Bundan dolayı Atatürk bu millete çok büyük hizmetlerde bulunmuş Müslüman Türk milletine bir vatan ve devlet kazandırmıştır. Ona dinsiz deyip eleştirenlere hatırlatmak isterim. Elmalılı Hamdi Yazıra Kur-an tefsirini yazdıran Atatürktür. Heybeliada Ruhban Okulunu kapatan Atatürktür. Ölümüne kadar Ayasofya Camisinin ibadete açık kalmasında etken yine Atatürktür. Mübadele yoluyla Türkiyeyi Ermeni ve Rumlardan temizleyen Atatürktür. 1928 yılında Bursa Robert Kolejinde üç Türk kızı Hıristiyan oldu diye, Bakanlar Kurulu Kararı ile okulu kapatan yine Atatürktür.
Şimdi ise kendini topluma dindar diye tanıtanlara bakalım. AB uyum yasaları ile 40 bin kilise evi açtılar. 45 binin üzerinde Müslüman genç Hıristiyan oldu. Bana kalırsa, 24 saatte Heybeliada Ruhban Okulunu açarım diyen Milli Eğitim Bakanımız var. Nüfus kâğıtlarından dini İslam ibaresin kaldırdılar Dinler arası diyalog Cumhuriyet Hükümetinin misyonu haline geldi Oysa dinler arası diyalog merkezi Vatikanda bulunan Papalık Konseyi misyonunun organize ettiği, misyonerlik hareketidir ve hedefi Müslüman Türk milletini Hıristiyan yapmaktır. Aslında Türklerin Hıristiyan olması onlar için hiçte önemli değil dinler arası diyalog siyasi bir harekettir.
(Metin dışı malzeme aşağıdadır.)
Lemma cvg_in_distrN_pmf {d d'} {T : measurableType d} {T' : measurableType d'}
    {R : realType} (P : probability T R) (X : nat -> T -> nat)
    (Q : probability T' R) (Y : T' -> nat) :
  (\forall n \near \oo, measurable_fun setT (X n)) -> measurable_fun setT Y ->
  (forall m, (fun n => fine (P [set w | X n w = m])) @ \oo --> fine (Q [set w | Y w = m])) ->
  cvg_in_distrN P X Q Y.
Proof.
(* The cdfs converge at every x, not only at continuity points. *)
move=> mX mY pmf_cvg x _; rewrite cdfN_sum//.
have cdf_n : \forall n \near \oo, (if 0 <= x then
    \sum_(m < (Num.trunc x).+1) fine (P [set w | X n w = m]) else 0) = cdfN P (X n) x.
  by apply: filterS mX => n mXn; rewrite cdfN_sum.
apply: cvg_trans (near_eq_cvg cdf_n) _; case: ifP => _; last exact: cvg_cst.
by apply: cvg_big; [exact: add_continuous | move=> m _; exact: pmf_cvg].
Qed.

Lemma covariance_indic {d} {T : measurableType d} {R : realType} (P : probability T R)
    (A B : set T) : measurable A -> measurable B ->
  covariance P (\1_A) (\1_B) = (fine (P (A `&` B)) - fine (P A) * fine (P B))%:E.
Proof.
move=> mA mB; have bA := @bounded_mfun_indic _ _ R _ mA.
have bB := @bounded_mfun_indic _ _ R _ mB.
rewrite covarianceE ?bounded_mfun_Lfun1//; last exact: bounded_mfunM bA bB.
have -> : (\1_A * \1_B)%R = \1_(A `&` B) :> (T -> R) by rewrite indicI.
rewrite !expectation_indic//; last exact: measurableI.
by rewrite EFinB EFinM !fineK ?fin_num_measure//; exact: measurableI.
Qed.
Bu yolla direnci kırılan Türk milletinin vatanını elinden almanın adıdır dinler arası diyalog. Çıkartılan yabancıların mülk edinme yasası ve çıkartılacak vakıflar yasası ile azınlıklar yasası SEVR anlaşmasının yeniden uygulanmasıdır. Şehit kanlarıyla sulanmış vatan topraklarını Rumlara, Ermenilere, Almanlara, Fransızlara, İngilizlere ve tüm Hıristiyan ülkelerine satışa çıkartan sözde dindar kabineden oluşan bir hükümet. Sözü fazla uzatmayalım. Daha neler var neler! Şimdi varın Atatürkle şimdikilerin arasındaki mukayeseyi siz yapın!